That was the trickiest part, trying to figure out who I was without other people’s opinions affecting that.
Even minor changes, like Breslin cutting her hair into bangs, were scrutinized by the media, making it difficult for her to find her identity as an adult while facing constant criticism. “We all have made mistakes. I made the same mistake that many, many people made of getting bangs when I was 13, and it was not a good look for me,” Breslin says. “Now people have bad haircuts and they get made fun of on Instagram. But for me, it was in People magazine. It was definitely scary. That was the trickiest part, trying to figure out who I was without other people’s opinions affecting that.”
Though Breslin eventually learned to ignore the tabloids’ coverage of her, she couldn’t shake the sexist difference between the way that she and her mistakes were written about versus her male peers. “It’s a double standard. If you open up a tabloid, you see 20 pictures of women with the wrong pair of jeans on with the wrong top, but you never see a paparazzi picture of a guy coming out of a bathroom with his face not shaven perfectly or his zipper down,” Breslin says. “It’s about the way society discusses those things. When a guy looks messy, it’s, ‘Oh, he’s just a guy being a guy. It’s so charming.’ When it’s a woman, it’s, ‘Wow. She’s really let herself go. She doesn’t care about herself. She’s going off the deep end.’ There’s much more targeted negativity toward women. The forgiveness level for men is much higher.”
There’s more negativity targeted toward women. The forgiveness level for men is much higher.

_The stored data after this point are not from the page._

(* Let $\lambda$ be a partition with at most $n$ parts and $\mu\in S_n(\lambda)$. Then $f^*_\mu\in V^*_\lambda$.
   Context: Polynomials are in $x_1,\dots,x_n$ over $\mathbb{Q}(q,t)$; $\mathcal{P}_n^{(d)}$ denotes polynomials of degree at most $d$. For $\mu\in\mathbb{N}^n$ let $k_i(\mu)=\#\{j<i:\mu_j>\mu_i\}+\#\{j>i:\mu_j\ge\mu_i\}$ and $\widetilde\mu=(q^{\mu_1}t^{-k_1(\mu)},\dots,q^{\mu_n}t^{-k_n(\mu)})$. For $\mu\in\mathbb{N}^n$, $|\mu|=d$, $E^*_\mu$ is the unique polynomial in $\mathcal{P}_n^{(d)}$ with coefficient of $x^\mu$ equal to $1$ and $E^*_\mu(\widetilde\nu)=0$ for all $\nu\in\mathbb{N}^n$, $|\nu|\le d$, $\nu\ne\mu$. $S_n$ acts on compositions by $\sigma\cdot\mu=(\mu_{\sigma^{-1}(1)},\dots,\mu_{\sigma^{-1}(n)})$ and on polynomials by permuting variables; $s_i=(i,i+1)$; $T_i=t-\frac{tx_i-x_{i+1}}{x_i-x_{i+1}}(1-s_i)$; $T_\sigma=T_{i_1}\cdots T_{i_\ell}$ for a reduced word $\sigma=s_{i_1}\cdots s_{i_\ell}$. $S_n(\lambda)$ is the set of rearrangements of $\lambda$; for $\mu\in S_n(\lambda)$, $\sigma_\mu$ is the shortest permutation with $\sigma_\mu(\lambda)=\mu$ and $f^*_\mu=T_{\sigma_\mu}E^*_\lambda$. For a partition $\lambda$ of size $d$, $V^*_\lambda=\{f\in\mathcal{P}_n^{(d)}: f(\widetilde\nu)=0\ \forall\nu\in\mathbb{N}^n, |\nu|\le|\lambda|, \nu\notin S_n(\lambda)\}$. *)

From HB Require Import structures.
From mathcomp Require Import all_boot all_order all_algebra all_fingroup.
From mathcomp Require Import fraction.
From mathcomp.multinomials Require Import mpoly.
From Stdlib Require Import ClassicalEpsilon.

Set Implicit Arguments.
Unset Strict Implicit.
Unset Printing Implicit Defensive.

Import Order.TTheory GRing.Theory.
Local Open Scope ring_scope.

(* The base field Q(q,t) = Frac(Q[q][t]). *)
Definition K : fieldType := {fraction {poly {poly rat}}}.
Definition qK : K := FracField.tofrac ((('X : {poly rat})%:P) : {poly {poly rat}}).
Definition tK : K := FracField.tofrac ('X : {poly {poly rat}}).

Section Defs.
Variable n : nat.

Definition kidx (mu : 'X_{1..n}) (i : 'I_n) : nat :=
  #|[pred j : 'I_n | ((j < i)%N && (mu i < mu j)%N) || ((i < j)%N && (mu i <= mu j)%N)]|.

Definition tilde (mu : 'X_{1..n}) : 'I_n -> K :=
  fun i => qK ^+ (mu i) * tK ^- (kidx mu i).

Definition deg_le (d : nat) (f : {mpoly K[n]}) : Prop := (msize f <= d.+1)%N.

Definition is_Estar (lam : 'X_{1..n}) (E : {mpoly K[n]}) : Prop :=
  [/\ deg_le (mdeg lam) E, E@_lam = 1 &
      forall nu : 'X_{1..n}, (mdeg nu <= mdeg lam)%N -> nu != lam ->
        E.@[tilde nu] = 0].

Definition is_partition (lam : 'X_{1..n}) : Prop :=
  forall i j : 'I_n, (i <= j)%N -> (lam j <= lam i)%N.

Definition cact (s : 'S_n) (mu : 'X_{1..n}) : 'X_{1..n} :=
  [multinom mu ((s^-1)%g j) | j < n].

(* Coxeter length = number of inversions *)
Definition inversions (s : 'S_n) : nat :=
  #|[pred ij : 'I_n * 'I_n | (ij.1 < ij.2)%N && (s ij.2 < s ij.1)%N]|.

(* the index i+1 (only meaningful when i.+1 < n) *)
Definition nextI (i : 'I_n) : 'I_n := insubd i i.+1.

Definition sgen (i : 'I_n) : 'S_n := tperm i (nextI i).

Definition valid_word (w : seq 'I_n) : bool := all (fun i : 'I_n => (i.+1 < n)%N) w.

(* s_{i1} \o s_{i2} \o ... \o s_{il} as a function (mathcomp: (p * q) x = q (p x)) *)
Definition perm_of_word (w : seq 'I_n) : 'S_n :=
  foldr (fun i p => (p * sgen i)%g) 1%g w.

Definition reduced_word (s : 'S_n) (w : seq 'I_n) : Prop :=
  [/\ valid_word w, perm_of_word w = s & size w = inversions s].

Definition is_sigma_mu (lam mu : 'X_{1..n}) (s : 'S_n) : Prop :=
  cact s lam = mu /\ forall s', cact s' lam = mu -> (inversions s <= inversions s')%N.

Definition spoly (i : 'I_n) (f : {mpoly K[n]}) : {mpoly K[n]} := msym (sgen i) f.

(* the divided-difference part of T_i: the polynomial
   (t x_i - x_{i+1}) / (x_i - x_{i+1}) * (1 - s_i) f *)
Definition Tdiv (i : 'I_n) (f : {mpoly K[n]}) : {mpoly K[n]} :=
  epsilon (inhabits 0) (fun g : {mpoly K[n]} =>
    ('X_i - 'X_(nextI i)) * g = (tK *: 'X_i - 'X_(nextI i)) * (f - spoly i f)).

Definition Top (i : 'I_n) (f : {mpoly K[n]}) : {mpoly K[n]} := tK *: f - Tdiv i f.

Definition Tword (w : seq 'I_n) (f : {mpoly K[n]}) : {mpoly K[n]} :=
  foldr Top f w.

Definition inVstar (lam : 'X_{1..n}) (f : {mpoly K[n]}) : Prop :=
  deg_le (mdeg lam) f /\
  forall nu : 'X_{1..n}, (mdeg nu <= mdeg lam)%N ->
    ~ (exists s : 'S_n, cact s lam = nu) -> f.@[tilde nu] = 0.

End Defs.

(* Write j = i+1.  Then T_i f = t f - (t x_i - x_j) (f - s_i f) / (x_i - x_j), and the
   divided difference does not raise the degree, so T_i preserves the degree bound of V*_lam.
   Let nu lie outside S_n(lam) and let f in V*_lam, so f vanishes at nu~.  The coordinates
   nu~_i and nu~_j differ, and the divided difference vanishes at nu~: if nu_i = nu_j then
   nu~_j = t nu~_i kills the factor t x_i - x_j; otherwise nu~ composed with s_i is the
   point (s_i nu)~, where f vanishes since s_i nu is also outside the orbit.  So V*_lam is
   stable under every T_i and contains E*_lam. *)

From mathcomp Require Import all_boot all_algebra all_fingroup.
From mathcomp Require Import fraction zify.
From mathcomp.multinomials Require Import mpoly.
From Stdlib Require Import ClassicalEpsilon.

Set Implicit Arguments.
Unset Strict Implicit.
Unset Printing Implicit Defensive.

Import GRing.Theory.
Local Open Scope ring_scope.

Section SymmetricAction.
Variable n : nat.

Lemma msymXU (R : nzRingType) (s : 'S_n) (k : 'I_n) :
  msym s ('X_k : {mpoly R[n]}) = 'X_(s k).
Proof. by rewrite /msym mmapX mmap1U. Qed.

Lemma msize_msym (R : nzRingType) (s : 'S_n) (p : {mpoly R[n]}) :
  (msize (msym s p) <= msize p)%N.
Proof.
rewrite [X in (X <= _)%N]msizeE; apply/bigmax_leqP_seq => m + _.
by rewrite mcoeff_msupp mcoeff_sym -mcoeff_msupp => /msize_mdeg_lt; rewrite mdeg_mperm.
Qed.

Lemma meval_msym (R : comNzRingType) (s : 'S_n) (p : {mpoly R[n]}) (x : 'I_n -> R) :
  (msym s p).@[x] = p.@[x \o s].
Proof.
rewrite -[msym s p]comp_mpoly_id msym_mPo comp_mpoly_meval.
by apply: meval_eq => k; rewrite !tnth_mktuple mevalXU.
Qed.

Lemma msym_tperm_subr_dvd (R : comNzRingType) (i j : 'I_n) (f : {mpoly R[n]}) :
  exists h, ('X_i - 'X_j) * h = f - msym (tperm i j) f.
Proof.
pose dvd (g : {mpoly R[n]}) := exists h, ('X_i - 'X_j) * h = g - msym (tperm i j) g.
have dvd0 : dvd 0 by exists 0; rewrite mulr0 msym0 subrr.
have dvd1 : dvd 1 by exists 0; rewrite mulr0 msym1 subrr.
have dvdM g1 g2 : dvd g1 -> dvd g2 -> dvd (g1 * g2).
  move=> [h1 e1] [h2 e2]; exists (g1 * h2 + h1 * msym (tperm i j) g2).
  by rewrite msymM mulrDr mulrCA e2 mulrA e1 mulrBr mulrBl addrA subrK.
have dvdXU k : dvd 'X_k.
  rewrite /dvd msymXU; case: tpermP => [->|->|_ _].
  - by exists 1; rewrite mulr1.
  - by exists (-1); rewrite mulrN1 opprB.
  - by exists 0; rewrite mulr0 subrr.
have dvdX m : dvd 'X_[m].
  rewrite mpolyXE_id; apply: (big_ind dvd) => // k _.
  by elim: (m k) => [|e IHe]; rewrite ?expr0 // exprS; apply: dvdM.
elim/mpolyind: f => // c m p _ _ [h e]; have [hm em] := dvdX m.
exists (c *: hm + h); rewrite msymD msymZ mulrDr -scalerAr em e.
by rewrite opprD addrACA -scalerBr.
Qed.

End SymmetricAction.

Lemma msize_le_of_mul_eq (R : idomainType) n (u v g w : {mpoly R[n]}) :
  u * g = v * w -> u != 0 -> (msize v <= msize u)%N -> (msize g <= msize w)%N.
Proof.
move=> e u0 vu; have [->|g0] := eqVneq g 0; first by rewrite msize0.
have : v * w != 0 by rewrite -e mulf_neq0.
rewrite mulf_eq0 negb_or => /andP[v0 w0].
have := congr1 (fun p => msize p) e; rewrite !msizeM //.
have : (0 < msize u)%N by rewrite lt0n msize_poly_eq0.
lia.
Qed.

Section Binomials.
Variables (R : nzRingType) (n : nat).

Lemma msize_scaleXU_subr_le (c : R) (i j : 'I_n) :
  (msize (c *: 'X_i - 'X_j : {mpoly R[n]}) <= 2)%N.
Proof.
rewrite (leq_trans (msizeD_le _ _)) // msizeN geq_max msizeX mdeg1 andbT.
by rewrite (leq_trans (msizeZ_le _ _)) // msizeX mdeg1.
Qed.

Lemma msize_XU_subr_ge (i j : 'I_n) : i != j -> (2 <= msize ('X_i - 'X_j : {mpoly R[n]}))%N.
Proof.
move=> ij; have := @msize_mdeg_lt _ _ ('X_i - 'X_j : {mpoly R[n]}) U_(i).
rewrite mdeg1; apply; rewrite mcoeff_msupp mcoeffB !mcoeffXU eqxx.
by rewrite (eq_sym j) (negbTE ij) subr0 oner_neq0.
Qed.

End Binomials.

Lemma tK_neq0 : tK != 0.
Proof. by rewrite /tK tofrac_eq0 polyX_eq0. Qed.

Lemma qt_poly_monomial_inj a b k l :
  ('X%:P ^+ a * 'X ^+ l : {poly {poly rat}}) = 'X%:P ^+ b * 'X ^+ k -> a = b /\ k = l.
Proof.
rewrite -!rmorphXn => /(congr1 (fun p : {poly {poly rat}} => p`_l)).
rewrite !coefCM !coefXn eqxx mulr1.
case: eqP => [->|_]; last by move/eqP; rewrite mulr0 expf_eq0 polyX_eq0 andbF.
by rewrite mulr1 => /(congr1 (fun p : {poly rat} => size p)); rewrite !size_polyXn => -[].
Qed.

Lemma qt_monomial_inj a b k l : qK ^+ a * tK ^- k = qK ^+ b * tK ^- l -> a = b /\ k = l.
Proof.
have tk_neq0 m : tK ^+ m != 0 by rewrite expf_neq0 // tK_neq0.
move=> /(congr1 (fun z => z * (tK ^+ k * tK ^+ l))).
rewrite -!mulrA mulKf // [tK ^+ k * _]mulrC mulKf // => e.
apply: qt_poly_monomial_inj; apply/eqP.
by rewrite -(tofrac_eq (R := {poly {poly rat}})) !rmorphM !rmorphXn /= e.
Qed.

Section PermutationAction.
Variable n : nat.
Implicit Types (mu nu : 'X_{1..n}) (s : 'S_n).

Lemma cact1 mu : cact 1%g mu = mu.
Proof. by apply/mnmP => l; rewrite mnmE invg1 perm1. Qed.

Lemma cactM s1 s2 mu : cact (s1 * s2)%g mu = cact s2 (cact s1 mu).
Proof. by apply/mnmP => l; rewrite !mnmE invMg permM. Qed.

Lemma mdeg_cact s mu : mdeg (cact s mu) = mdeg mu.
Proof. exact: mdeg_mperm. Qed.

Lemma cact_orbit s' mu nu :
  (exists s, cact s mu = cact s' nu) -> exists s, cact s mu = nu.
Proof.
by case=> s e; exists (s * s'^-1)%g; rewrite cactM e -cactM mulgV cact1.
Qed.

Lemma card_preim_perm (s : 'S_n) (A : {pred 'I_n}) : #|[pred m | s m \in A]| = #|A|.
Proof.
rewrite -[RHS](card_image (@perm_inj _ s^-1)); apply: eq_card => m.
rewrite inE; apply/idP/imageP => [sm|[m' m'A ->]]; last by rewrite permKV.
by exists (s m); rewrite ?permK.
Qed.

Lemma cact_sgenE (i : 'I_n) mu l : cact (sgen i) mu l = mu (sgen i l).
Proof. by rewrite mnmE tpermV. Qed.

End PermutationAction.

(* Tdiv is defined by choice; the divisibility lemma shows that its specification holds. *)
Lemma Tdiv_spec n (i : 'I_n) (f : {mpoly K[n]}) :
  ('X_i - 'X_(nextI i)) * Tdiv i f = (tK *: 'X_i - 'X_(nextI i)) * (f - spoly i f).
Proof.
apply: (epsilon_spec (inhabits 0) (fun g => ('X_i - 'X_(nextI i)) * g = _)).
have [h e] := msym_tperm_subr_dvd i (nextI i) f.
by exists ((tK *: 'X_i - 'X_(nextI i)) * h); rewrite mulrCA e.
Qed.

Lemma meval_Tdiv n (i : 'I_n) (f : {mpoly K[n]}) (x : 'I_n -> K) :
  x i != x (nextI i) ->
  (Tdiv i f).@[x] =
    (tK * x i - x (nextI i)) * (f.@[x] - f.@[x \o sgen i]) / (x i - x (nextI i)).
Proof.
rewrite -subr_eq0 => xij; have := congr1 (meval x) (Tdiv_spec i f).
rewrite !mevalM !mevalB mevalZ !mevalXU /spoly meval_msym => <-.
by rewrite mulrAC mulfV // mul1r.
Qed.

Lemma kidxE n (mu : 'X_{1..n}) l :
  kidx mu l = #|[pred m : 'I_n | (mu l < mu m)%N || (mu l == mu m) && (l < m)%N]|.
Proof.
apply: eq_card => m; rewrite !inE.
have [ml|lm|/val_inj ->] := ltngtP m l; rewrite ?ltnn ?eqxx //=.
- by rewrite andbF !orbF.
- by rewrite andbT orbC leq_eqVlt.
Qed.

Section AdjacentTransposition.
Variables (n : nat) (i : 'I_n).
Hypothesis lt_i1n : (i.+1 < n)%N.

Lemma val_nextI : nextI i = i.+1 :> nat.
Proof. by rewrite val_insubd lt_i1n. Qed.

Lemma nextI_neq : nextI i != i.
Proof. by rewrite -val_eqE /= val_nextI gtn_eqF. Qed.

Lemma val_sgen (l : 'I_n) :
  sgen i l = (if l == i :> nat then i.+1 else if l == i.+1 :> nat then i else l) :> nat.
Proof.
by rewrite /sgen; case: tpermP => [->|->|/eqP li /eqP lj]; rewrite -?val_nextI;
  rewrite ?eqxx ?(inj_eq val_inj) ?(negbTE li) ?(negbTE lj) ?(negbTE nextI_neq).
Qed.

Lemma ltn_sgen (l m : 'I_n) : ~ (l = i /\ m = nextI i) -> ~ (l = nextI i /\ m = i) ->
  (sgen i l < sgen i m)%N = (l < m)%N.
Proof.
rewrite !val_sgen -!val_nextI !(rwP eqP) -!(inj_eq val_inj) => /= not_ij not_ji.
move: not_ij not_ji; rewrite val_nextI; do 4 case: eqP => /=; lia.
Qed.

Lemma kidx_sgen_eq (mu : 'X_{1..n}) :
  mu i = mu (nextI i) -> kidx mu i = (kidx mu (nextI i)).+1.
Proof.
move=> e; have ej := val_nextI.
rewrite !kidxE (cardD1 (nextI i)) inE e ltnn eqxx ej leqnn /= add1n; congr _.+1.
apply: eq_card => m; rewrite !inE.
have [->|nm] := eqVneq m (nextI i); first by rewrite /= ltnn ej ltnn andbF orbF.
rewrite /=; congr (_ || (_ && _)).
move: nm; rewrite -val_eqE /= ej; lia.
Qed.

Lemma kidx_cact_sgen (mu : 'X_{1..n}) l : mu i != mu (nextI i) ->
  kidx (cact (sgen i) mu) l = kidx mu (sgen i l).
Proof.
move=> mu_ij; rewrite !kidxE -[in RHS](card_preim_perm (sgen i)).
apply: eq_card => m; rewrite !inE !cact_sgenE.
have [e|//] := eqVneq (mu (sgen i l)) (mu (sgen i m)).
by rewrite /= ltn_sgen // => -[el em]; move: e mu_ij;
  rewrite el em /sgen tpermL tpermR => ->; rewrite eqxx.
Qed.

Lemma tilde_nextI_eq (nu : 'X_{1..n}) :
  nu i = nu (nextI i) -> tilde nu (nextI i) = tK * tilde nu i.
Proof.
move=> e; rewrite /tilde (kidx_sgen_eq e) -e exprS invfM.
by rewrite mulrCA (mulrA tK) mulfV ?tK_neq0 // mul1r.
Qed.

Lemma tilde_nextI_neq (nu : 'X_{1..n}) : tilde nu i != tilde nu (nextI i).
Proof.
apply/eqP => /qt_monomial_inj[e_nu e_k].
by have := kidx_sgen_eq e_nu; rewrite e_k; lia.
Qed.

Lemma tilde_cact_sgen (nu : 'X_{1..n}) : nu i != nu (nextI i) ->
  tilde (cact (sgen i) nu) =1 tilde nu \o sgen i.
Proof. by move=> nu_ij l; rewrite /tilde /= cact_sgenE kidx_cact_sgen. Qed.

Lemma msize_Tdiv (f : {mpoly K[n]}) : (msize (Tdiv i f) <= msize f)%N.
Proof.
have u_size : (2 <= msize ('X_i - 'X_(nextI i) : {mpoly K[n]}))%N.
  by rewrite msize_XU_subr_ge // eq_sym nextI_neq.
have u_neq0 : ('X_i - 'X_(nextI i) : {mpoly K[n]}) != 0.
  by rewrite -msize_poly_eq0 -lt0n (leq_trans _ u_size).
have v_size := leq_trans (msize_scaleXU_subr_le tK i (nextI i)) u_size.
apply: leq_trans (msize_le_of_mul_eq (Tdiv_spec i f) u_neq0 v_size) _.
rewrite (leq_trans (msizeD_le _ _)) // msizeN geq_max leqnn; exact: msize_msym.
Qed.

Lemma inVstar_Top (lam : 'X_{1..n}) (f : {mpoly K[n]}) :
  inVstar lam f -> inVstar lam (Top i f).
Proof.
move=> [f_deg f_van]; split.
  rewrite /deg_le (leq_trans (msizeD_le _ _)) // msizeN geq_max.
  by rewrite (leq_trans (msizeZ_le _ _) f_deg) (leq_trans (msize_Tdiv f) f_deg).
move=> nu nu_deg nu_out; set x := tilde nu.
rewrite /Top mevalB mevalZ meval_Tdiv ?tilde_nextI_neq // f_van // mulr0 sub0r sub0r.
suff vanish : (tK * x i - x (nextI i)) * f.@[x \o sgen i] = 0.
  by rewrite mulrN vanish oppr0 mul0r oppr0.
have [nu_ij|nu_ij] := eqVneq (nu i) (nu (nextI i)).
  by rewrite /x tilde_nextI_eq // subrr mul0r.
rewrite -(meval_eq _ (tilde_cact_sgen nu_ij)) f_van ?mulr0 ?mdeg_cact //.
by move/cact_orbit.
Qed.

End AdjacentTransposition.

Lemma inVstar_Tword n (lam : 'X_{1..n}) (w : seq 'I_n) (f : {mpoly K[n]}) :
  valid_word w -> inVstar lam f -> inVstar lam (Tword w f).
Proof.
elim: w => [|a w IHw] //= /andP[lt_a1n valid_w] f_in.
exact: inVstar_Top (IHw valid_w f_in).
Qed.

Lemma Estar_inVstar n (lam : 'X_{1..n}) (E : {mpoly K[n]}) :
  is_Estar lam E -> inVstar lam E.
Proof.
case=> E_deg _ E_van; split=> // nu nu_deg nu_out; apply: E_van => //.
by apply/eqP => nu_lam; apply: nu_out; exists 1%g; rewrite cact1 nu_lam.
Qed.

Unset Implicit Arguments.

Theorem lemma2p9 (n : nat) (lam mu : 'X_{1..n}) (E : {mpoly K[n]})
  (sigma : 'S_n) (w : seq 'I_n) :
  is_partition lam ->
  (exists s : 'S_n, cact s lam = mu) ->
  is_Estar lam E ->
  is_sigma_mu lam mu sigma ->
  reduced_word sigma w ->
  inVstar lam (Tword w E).
Proof.
move=> _ _ E_star _ [valid_w _ _].
exact: inVstar_Tword valid_w (Estar_inVstar E_star).
Qed.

Breslin’s fight against unrealistic beauty standards is why she’s defended female celebrities, such as Selena Gomez, against body-shaming, and called out fitness companies, such as Gold’s Gym, for promoting thinness and suggesting that the sole purpose of working out is to become skinny—a lesson that Breslin herself has had to learn.
“It’s so out there in the media that you should look a certain way and have a certain body type,” Breslin says. “A lot of the time, that’s completely unattainable and unrealistic. When I was younger, I wish I had people saying, ‘You don’t have to work out every single day to be stick-skinny or to be a certain way or to get a bigger butt. You should do it because it’s healthy for you.’ I feel the most confident when I’m working out to take care of myself, even if I don’t have Gisele Bündchen’s body.”
I don’t claim to know everything. I make mistakes all the time.
Though she doesn’t consider herself a role model (“I don’t claim to know everything. I make mistakes all the time”), Breslin acknowledges that she does have an influence over young fans, which is why she takes special care in choosing roles that show young women in a positive light—something she saw lacking when she was growing up.
“I’ve seen my friends’ little sisters saying, ‘I’m going on a diet because I saw this thing on Instagram.’ I’m like, ‘You’re 10. No. What are you talking about?’” Breslin says. “The older that I get and the more I remember how I felt when I was younger and how the things on TV and in film influenced me, I started to realize that, whether you like it or not, you are somebody who is being looked at and watched by younger people. I do feel somewhat of a responsibility in choosing characters that are women that have depth and have complicated lives and are not just the hot girl or the nerdy girl.”